**ASSIGNMENT**. Word for word, restate the lines from the start of the data down to the line with "have near q", both included.

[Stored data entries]
(* Cut the cube into cells of mesh [h] in the coordinates other than [p]; over
   each cell the hyperplane stays within height [K h] of a point, so the cells
   carry boxes of total volume [2 K h].  The boxes are indexed by all grid maps
   [g], and those with [g p != 0] are taken degenerate. *)
Lemma lebesgue_null_hyperplane (c : 'I_L -> R) (p : 'I_L) (d : R) : c p != 0 ->
  lebesgue_null (fun x : 'I_L -> R =>
    (forall i, - 2^-1 < x i < 2^-1) /\ \sum_i c i * x i = d).
Proof.
move=> c_p; apply: lebesgue_null_finite_cover => // eps eps_gt0.
pose K := (\sum_i `|c i|) / `|c p|.
have K_ge0 : 0 <= K by apply: divr_ge0 => //; apply: sumr_ge0.
pose n := Num.truncn (2 * K / eps); pose h : R := n.+1%:R^-1.
have N_gt0 : (0 : R) < n.+1%:R by [].
have h_gt0 : 0 < h by rewrite invr_gt0.
have mesh_small : 2 * K * h <= eps.
  have /andP [_] := truncn_itv (divr_ge0 (mulr_ge0 (ler0n R 2) K_ge0) (ltW eps_gt0)).
  by rewrite -/n ltr_pdivrMr // ler_pdivrMr // [eps * _]mulrC => /ltW.
pose T := {ffun 'I_L -> 'I_n.+1}.
pose corner (g : T) i : R := - 2^-1 + (g i : nat)%:R / n.+1%:R.
pose y (g : T) := (d - \sum_(q | q != p) c q * corner g q) / c p.
pose width i (j : 'I_n.+1) : R :=
  if i == p then (if j == ord0 then 2 * K * h else 0) else h.
have Kh_ge0 : 0 <= 2 * K * h by apply: mulr_ge0; [exact: mulr_ge0 | exact: ltW].
have width_ge0 i j : 0 <= width i j.
  by rewrite /width; case: ifP => _; [case: ifP | exact: ltW].
pose a (g : T) i := if i == p then y g - K * h else corner g i.
pose b (g : T) i := a g i + width i (g i).
pose g0 : T := [ffun => ord0].
exists #|T|, (fun k => a (nth g0 (enum T) k)), (fun k => b (nth g0 (enum T) k)); split.
- by move=> k i; rewrite /b lerDl.
- move=> x [in_cube on_hyperplane].
  pose g : T := [ffun i => if i == p then ord0 else grid_cell n (x i)].
  exists (index g (enum T)); first by rewrite cardE index_mem mem_enum.
  rewrite nth_index ?mem_enum // => i.
  have near q : q != p -> 0 <= x q - corner g q <= h.
    by move=> q_p; rewrite /corner ffunE (negbTE q_p); apply: grid_cellP.
  rewrite /b /a /width ffunE; case: (eqVneq i p) => [->|i_p]; last first.
    by have := near i i_p; lra.
  have near_abs q : q != p -> `|x q - corner g q| <= h.
    by move=> /near /andP [near_ge0 near_le]; rewrite ger0_norm.
  have := hyperplane_coord_near c_p (ltW h_gt0) on_hyperplane near_abs.
  by rewrite eqxx -/(y g) -/K ler_norml => /andP []; lra.
rewrite -(big_mkord xpredT
  (fun k => \prod_i (b (nth g0 (enum T) k) i - a (nth g0 (enum T) k) i))).
rewrite cardE -(big_nth g0 xpredT (fun g => \prod_i (b g i - a g i))) big_enum /=.
rewrite (eq_bigr (fun g : T => \prod_i width i (g i))) => [|g _]; last first.
  by apply: eq_bigr => i _; rewrite /b addrC addKr.
by rewrite /width /h sum_grid_degenerate.
Qed.

End Hyperplane.

Lemma lap_coef_sub_neq0 (R : realType) L (i j : 'I_L) :
  i != j -> lap_coef R i i - lap_coef R j i != 0.
Proof.
case: L i j => [[] //|[|n] i j i_j]; first by rewrite !ord1 eqxx in i_j.
by rewrite ltr0_neq0 // subr_lt0 (lt_le_trans (lap_coef_diag_lt0 R i)) ?lap_coef_offdiag_ge0.
Qed.

Section Collision.
Variables (R : realType) (L : nat) (alpha : 'I_L -> R).
Hypothesis in_cube : forall i, - 2^-1 < alpha i < 2^-1.

Lemma lapR_cube_bound i : - 2 < lapR alpha i < 2.
Proof.
have := in_cube (ord_pred i); have := in_cube i; have := in_cube (ordS i).
by rewrite /lapR => /andP [? ?] /andP [? ?] /andP [? ?]; apply/andP; split; lra.
Qed.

**TASK RESPONSE**.
(* Cut the cube into cells of mesh [h] in the coordinates other than [p]; over
   each cell the hyperplane stays within height [K h] of a point, so the cells
   carry boxes of total volume [2 K h].  The boxes are indexed by all grid maps
   [g], and those with [g p != 0] are taken degenerate. *)
Lemma lebesgue_null_hyperplane (c : 'I_L -> R) (p : 'I_L) (d : R) : c p != 0 ->
  lebesgue_null (fun x : 'I_L -> R =>
    (forall i, - 2^-1 < x i < 2^-1) /\ \sum_i c i * x i = d).
Proof.
move=> c_p; apply: lebesgue_null_finite_cover => // eps eps_gt0.
pose K := (\sum_i `|c i|) / `|c p|.
have K_ge0 : 0 <= K by apply: divr_ge0 => //; apply: sumr_ge0.
pose n := Num.truncn (2 * K / eps); pose h : R := n.+1%:R^-1.
have N_gt0 : (0 : R) < n.+1%:R by [].
have h_gt0 : 0 < h by rewrite invr_gt0.
have mesh_small : 2 * K * h <= eps.
  have /andP [_] := truncn_itv (divr_ge0 (mulr_ge0 (ler0n R 2) K_ge0) (ltW eps_gt0)).
  by rewrite -/n ltr_pdivrMr // ler_pdivrMr // [eps * _]mulrC => /ltW.
pose T := {ffun 'I_L -> 'I_n.+1}.
pose corner (g : T) i : R := - 2^-1 + (g i : nat)%:R / n.+1%:R.
pose y (g : T) := (d - \sum_(q | q != p) c q * corner g q) / c p.
pose width i (j : 'I_n.+1) : R :=
  if i == p then (if j == ord0 then 2 * K * h else 0) else h.
have Kh_ge0 : 0 <= 2 * K * h by apply: mulr_ge0; [exact: mulr_ge0 | exact: ltW].
have width_ge0 i j : 0 <= width i j.
  by rewrite /width; case: ifP => _; [case: ifP | exact: ltW].
pose a (g : T) i := if i == p then y g - K * h else corner g i.
pose b (g : T) i := a g i + width i (g i).
pose g0 : T := [ffun => ord0].
exists #|T|, (fun k => a (nth g0 (enum T) k)), (fun k => b (nth g0 (enum T) k)); split.
- by move=> k i; rewrite /b lerDl.
- move=> x [in_cube on_hyperplane].
  pose g : T := [ffun i => if i == p then ord0 else grid_cell n (x i)].
  exists (index g (enum T)); first by rewrite cardE index_mem mem_enum.
  rewrite nth_index ?mem_enum // => i.
  have near q : q != p -> 0 <= x q - corner g q <= h.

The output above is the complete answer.